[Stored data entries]
(* Every operator involved is the linear extension of its values on pure
   tensors, so each identity reduces to pure tensors.  There the two sides
   agree except for a single summand lying in g (x) C for (a), in
   g (x) C (x) C for (b) and in C (x) C (x) g for (c); its g-component is
   [x,y] + [y,x], resp. the difference of the two sides of the Jacobi
   identity.  Evaluating with the projection onto that summand gives the
   converse implications. *)

From mathcomp Require Import all_boot all_algebra.
Local Open Scope ring_scope.
Import GRing.Theory.
Set Implicit Arguments.
Unset Strict Implicit.
Unset Printing Implicit Defensive.

Arguments inC {V}.

Section LinearFun.
Variables (U W : lmodType CC) (f : U -> W).
Hypothesis hf : linear f.
Lemma linear_fun0 : f 0 = 0.
Proof. by have := hf (-1) 0 0; rewrite scaler0 addr0 scaleN1r addNr. Qed.
Lemma linear_funD x y : f (x + y) = f x + f y.
Proof. by have := hf 1 x y; rewrite !scale1r. Qed.
End LinearFun.

Section Bilinear.
Variables (U1 U2 W : lmodType CC) (B : U1 -> U2 -> W).
Hypothesis hB : bilinear_map B.
Lemma bilinear_linearl y : linear (B^~ y). Proof. by move=> a x x'; case: hB. Qed.
Lemma bilinear_linearr x : linear (B x). Proof. by move=> a y y'; case: hB. Qed.
Lemma bilinear0l y : B 0 y = 0. Proof. exact: linear_fun0 (bilinear_linearl y). Qed.
Lemma bilinear0r x : B x 0 = 0. Proof. exact: linear_fun0 (bilinear_linearr x). Qed.
Lemma bilinearDl x x' y : B (x + x') y = B x y + B x' y.
Proof. exact: (linear_funD (bilinear_linearl y) x x'). Qed.
Lemma bilinearDr x y y' : B x (y + y') = B x y + B x y'.
Proof. exact: (linear_funD (bilinear_linearr x) y y'). Qed.
End Bilinear.

Section Trilinear.
Variables (U W : lmodType CC) (T : U -> U -> U -> W).
Hypothesis hT : trilinear_map T.
Lemma trilinear_linear1 y z : linear (fun x => T x y z).
Proof. by move=> a x x'; case: hT. Qed.
Lemma trilinear_linear2 x z : linear (fun y => T x y z).
Proof. by move=> a y y'; case: hT => _ []. Qed.
Lemma trilinear_linear3 x y : linear (T x y).
Proof. by move=> a z z'; case: hT => _ []. Qed.
Lemma trilinear0_1 y z : T 0 y z = 0. Proof. exact: linear_fun0 (trilinear_linear1 y z). Qed.
Lemma trilinear0_2 x z : T x 0 z = 0. Proof. exact: linear_fun0 (trilinear_linear2 x z). Qed.
Lemma trilinear0_3 x y : T x y 0 = 0. Proof. exact: linear_fun0 (trilinear_linear3 x y). Qed.
Lemma trilinearD1 x x' y z : T (x + x') y z = T x y z + T x' y z.
Proof. exact: (linear_funD (trilinear_linear1 y z) x x'). Qed.
Lemma trilinearD3 x y z z' : T x y (z + z') = T x y z + T x y z'.
Proof. exact: (linear_funD (trilinear_linear3 x y) z z'). Qed.
End Trilinear.

Definition cat_morphism (A B : Type) (F : seq A -> seq B) :=
  F [::] = [::] /\ {morph F : s t / s ++ t}.

Lemma cat_morphism_flatten_map (A B : Type) (g : A -> seq B) :
  cat_morphism (fun s => flatten (map g s)).
Proof. by split=> // s t; rewrite map_cat flatten_cat. Qed.

Lemma cat_morphism_comp (A B C : Type) (F : seq B -> seq C) (G : seq A -> seq B) :
  cat_morphism F -> cat_morphism G -> cat_morphism (fun s => F (G s)).
Proof. by move=> [F0 FD] [G0 GD]; split=> [|s t]; rewrite ?G0 ?F0 // GD FD. Qed.

Lemma big_cat_morphism (A B : Type) (U : nmodType) (F : seq A -> seq B) (G : B -> U) :
  cat_morphism F ->
  forall s, \sum_(q <- F s) G q = \sum_(p <- s) \sum_(q <- F [:: p]) G q.
Proof.
move=> [F0 FD]; elim=> [|p s IH]; first by rewrite F0 !big_nil.
by rewrite -cat1s FD big_cat IH big_cons.
Qed.

Section PureTensors.
Variable V : lmodType CC.

Lemma opeq2_pure (F G : tens2 V -> tens2 V) :
  cat_morphism F -> cat_morphism G -> (forall p, teq2 (F [:: p]) (G [:: p])) -> opeq2 F G.
Proof.
move=> hF hG FG s U B hB.
rewrite (big_cat_morphism _ hF) (big_cat_morphism _ hG).
by apply: eq_bigr => p _; apply: FG.
Qed.

Lemma opeq3_pure (F G : tens3 V -> tens3 V) :
  cat_morphism F -> cat_morphism G -> (forall p, teq3 (F [:: p]) (G [:: p])) -> opeq3 F G.
Proof.
move=> hF hG FG s U T hT.
rewrite (big_cat_morphism _ hF) (big_cat_morphism _ hG).
by apply: eq_bigr => p _; apply: FG.
Qed.

Lemma cat_morphism_ext2 (f : gt V -> gt V -> tens2 V) : cat_morphism (ext2 f).
Proof. exact: cat_morphism_flatten_map. Qed.
Lemma cat_morphism_op12 (f : gt V -> gt V -> tens2 V) : cat_morphism (op12 f).
Proof. exact: cat_morphism_flatten_map. Qed.
Lemma cat_morphism_op23 (f : gt V -> gt V -> tens2 V) : cat_morphism (op23 f).
Proof. exact: cat_morphism_flatten_map. Qed.
End PureTensors.

Section PureTensorComputations.
Variables (V : lmodType CC) (br : V -> V -> V).
Hypothesis hbr : bilinear_map br.

Lemma ingD (x y : V) : ing (x + y) = ing x + ing y.
Proof. by rewrite /ing; congr pair; rewrite addr0. Qed.

Lemma RR_RR'_pure (U : lmodType CC) (B : gt V -> gt V -> U)
    (hB : bilinear_map B) lam u v :
  \sum_(p <- RR br lam (RR' br lam [:: (u, v)])) B p.1 p.2
  = B u v + B (ing (br v.1 u.1 + br u.1 v.1)) (inC lam).
Proof.
rewrite /= !big_cons big_nil /= (bilinear0l hbr) (bilinear0l hB) !addr0.
by rewrite ingD (bilinearDl hB).
Qed.

Lemma RR'_RR_pure (U : lmodType CC) (B : gt V -> gt V -> U)
    (hB : bilinear_map B) lam u v :
  \sum_(p <- RR' br lam (RR br lam [:: (u, v)])) B p.1 p.2
  = B u v + B (inC lam) (ing (br v.1 u.1 + br u.1 v.1)).
Proof.
rewrite /= !big_cons big_nil /= (bilinear0r hbr) (bilinear0r hB) !addr0.
by rewrite ingD (bilinearDr hB).
Qed.

Lemma R12R23R12_pure (U : lmodType CC) (T : gt V -> gt V -> gt V -> U)
    (hT : trilinear_map T) lam u v w :
 \sum_(p <- R12 br lam (R23 br lam (R12 br lam [:: (u, v, w)]))) T p.1.1 p.1.2 p.2
   + T (ing (br u.1 (br v.1 w.1))) (inC lam) (inC lam)
 = \sum_(p <- R23 br lam (R12 br lam (R23 br lam [:: (u, v, w)]))) T p.1.1 p.1.2 p.2
   + T (ing (br (br u.1 v.1) w.1 + br v.1 (br u.1 w.1))) (inC lam) (inC lam).
Proof.
rewrite /= !big_cons big_nil /= !(bilinear0l hbr, bilinear0r hbr).
rewrite !(trilinear0_1 hT, trilinear0_2 hT, trilinear0_3 hT) !(addr0, add0r).
by rewrite ingD (trilinearD1 hT) !addrA (ACl (1*5*3*2*7*6*4)).
Qed.

Lemma R12'R23'R12'_pure (U : lmodType CC) (T : gt V -> gt V -> gt V -> U)
    (hT : trilinear_map T) lam u v w :
 \sum_(p <- R12' br lam (R23' br lam (R12' br lam [:: (u, v, w)]))) T p.1.1 p.1.2 p.2
   + T (inC lam) (inC lam) (ing (br (br u.1 w.1) v.1 + br u.1 (br v.1 w.1)))
 = \sum_(p <- R23' br lam (R12' br lam (R23' br lam [:: (u, v, w)]))) T p.1.1 p.1.2 p.2
   + T (inC lam) (inC lam) (ing (br (br u.1 v.1) w.1)).
Proof.
rewrite /= !big_cons big_nil /= !(bilinear0l hbr, bilinear0r hbr).
rewrite !(trilinear0_1 hT, trilinear0_2 hT, trilinear0_3 hT) !(addr0, add0r).
by rewrite ingD (trilinearD3 hT) !addrA (ACl (1*4*3*6*2*7*5)).
Qed.
End PureTensorComputations.

Section Projections.
Variable V : lmodType CC.

Definition proj_gC (p q : gt V) : V := q.2 *: p.1.
Definition proj_gCC (p q r : gt V) : V := (q.2 * r.2) *: p.1.
Definition proj_CCg (p q r : gt V) : V := (p.2 * q.2) *: r.1.

Lemma proj_gC_bilinear : bilinear_map proj_gC.
Proof.
by split=> a x x' y; rewrite /proj_gC /= ?scalerDr ?scalerDl !scalerA // mulrC.
Qed.

Lemma proj_gCC_trilinear : trilinear_map proj_gCC.
Proof.
split; [|split]=> a x y z w; rewrite /proj_gCC /=.
- by rewrite scalerDr !scalerA mulrC.
- by rewrite mulrDl scalerDl -mulrA scalerA.
- by rewrite mulrDr scalerDl mulrCA scalerA.
Qed.

Lemma proj_CCg_trilinear : trilinear_map proj_CCg.
Proof.
split; [|split]=> a x y z w; rewrite /proj_CCg /=.
- by rewrite mulrDl scalerDl -mulrA scalerA.
- by rewrite mulrDr scalerDl mulrCA scalerA.
- by rewrite scalerDr !scalerA mulrC.
Qed.
End Projections.

Section Equivalences.
Variables (V : lmodType CC) (br : V -> V -> V).
Hypothesis hbr : bilinear_map br.

Lemma R_inverse_iff_antisymmetric :
  (forall lam : CC,
      opeq2 (fun s => RR br lam (RR' br lam s)) id /\
      opeq2 (fun s => RR' br lam (RR br lam s)) id)
    <-> antisymmetric_br br.
Proof.
split=> [Rinv x y | anti lam].
  have := (Rinv 1).1 [:: (ing y, ing x)] V _ (proj_gC_bilinear V).
  rewrite (RR_RR'_pure hbr (proj_gC_bilinear V)) big_seq1 /proj_gC /=.
  rewrite scale0r scale1r add0r => /eqP.
  by rewrite addr_eq0 => /eqP.
have anti0 u v : br v u + br u v = 0 by rewrite anti addNr.
have cat_id : cat_morphism (@id (tens2 V)) by [].
split; apply: opeq2_pure => // [|[u v] U B hB].
- exact: cat_morphism_comp (cat_morphism_ext2 _) (cat_morphism_ext2 _).
- by rewrite (RR_RR'_pure hbr hB) anti0 (bilinear0l hB) addr0 big_seq1.
- exact: cat_morphism_comp (cat_morphism_ext2 _) (cat_morphism_ext2 _).
- by rewrite (RR'_RR_pure hbr hB) anti0 (bilinear0r hB) addr0 big_seq1.
Qed.

Lemma cat_morphism_braid (f : gt V -> gt V -> tens2 V) :
  cat_morphism (fun s => op12 f (op23 f (op12 f s))) /\
  cat_morphism (fun s => op23 f (op12 f (op23 f s))).
Proof.
have [h12 h23] := (cat_morphism_op12 f, cat_morphism_op23 f).
by split; apply: cat_morphism_comp => //; apply: cat_morphism_comp.
Qed.

Lemma R_braid_iff_jacobi_left :
  (forall lam : CC,
      opeq3 (fun s => R12 br lam (R23 br lam (R12 br lam s)))
            (fun s => R23 br lam (R12 br lam (R23 br lam s))))
    <-> jacobi_left br.
Proof.
split=> [braid x y z | jac lam].
  have := R12R23R12_pure hbr (proj_gCC_trilinear V) 1 (ing x) (ing y) (ing z).
  rewrite (braid _ _ _ _ (proj_gCC_trilinear V)) /proj_gCC /=.
  by rewrite mulr1 !scale1r => /addrI.
have [F G] := cat_morphism_braid (Rpure br lam).
apply: opeq3_pure => // -[[u v] w] U T hT.
by have := R12R23R12_pure hbr hT lam u v w; rewrite -jac => /addIr.
Qed.

Lemma R'_braid_iff_jacobi_right :
  (forall lam : CC,
      opeq3 (fun s => R12' br lam (R23' br lam (R12' br lam s)))
            (fun s => R23' br lam (R12' br lam (R23' br lam s))))
    <-> jacobi_right br.
Proof.
split=> [braid x y z | jac lam].
  have := R12'R23'R12'_pure hbr (proj_CCg_trilinear V) 1 (ing x) (ing y) (ing z).
  rewrite (braid _ _ _ _ (proj_CCg_trilinear V)) /proj_CCg /=.
  by rewrite mulr1 !scale1r => /addrI.
have [F G] := cat_morphism_braid (Rpure' br lam).
apply: opeq3_pure => // -[[u v] w] U T hT.
by have := R12'R23'R12'_pure hbr hT lam u v w; rewrite -jac => /addIr.
Qed.
End Equivalences.

Theorem lemma1p1p1 (V : lmodType CC) (br : V -> V -> V)
  (hbr : bilinear_map br) :
  ((forall lam : CC,
      opeq2 (fun s => RR br lam (RR' br lam s)) id /\
      opeq2 (fun s => RR' br lam (RR br lam s)) id)
    <-> antisymmetric_br br) /\
  ((forall lam : CC,
      opeq3 (fun s => R12 br lam (R23 br lam (R12 br lam s)))
            (fun s => R23 br lam (R12 br lam (R23 br lam s))))
    <-> jacobi_left br) /\
  ((forall lam : CC,
      opeq3 (fun s => R12' br lam (R23' br lam (R12' br lam s)))
            (fun s => R23' br lam (R12' br lam (R23' br lam s))))
    <-> jacobi_right br).
Proof.
split; first exact: R_inverse_iff_antisymmetric.
by split; [exact: R_braid_iff_jacobi_left | exact: R'_braid_iff_jacobi_right].
Qed.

WHAT IS NEEDED: From the data above, output only the lines between the line containing "by have := R12'R23'R12'_pure" and the line containing "<-> jacobi_left br) /\", inclusive, exactly as written.

RESULT BELOW:
by have := R12'R23'R12'_pure hbr hT lam u v w; rewrite -jac => /addIr.
Qed.
End Equivalences.

Theorem lemma1p1p1 (V : lmodType CC) (br : V -> V -> V)
  (hbr : bilinear_map br) :
  ((forall lam : CC,
      opeq2 (fun s => RR br lam (RR' br lam s)) id /\
      opeq2 (fun s => RR' br lam (RR br lam s)) id)
    <-> antisymmetric_br br) /\
  ((forall lam : CC,
      opeq3 (fun s => R12 br lam (R23 br lam (R12 br lam s)))
            (fun s => R23 br lam (R12 br lam (R23 br lam s))))
    <-> jacobi_left br) /\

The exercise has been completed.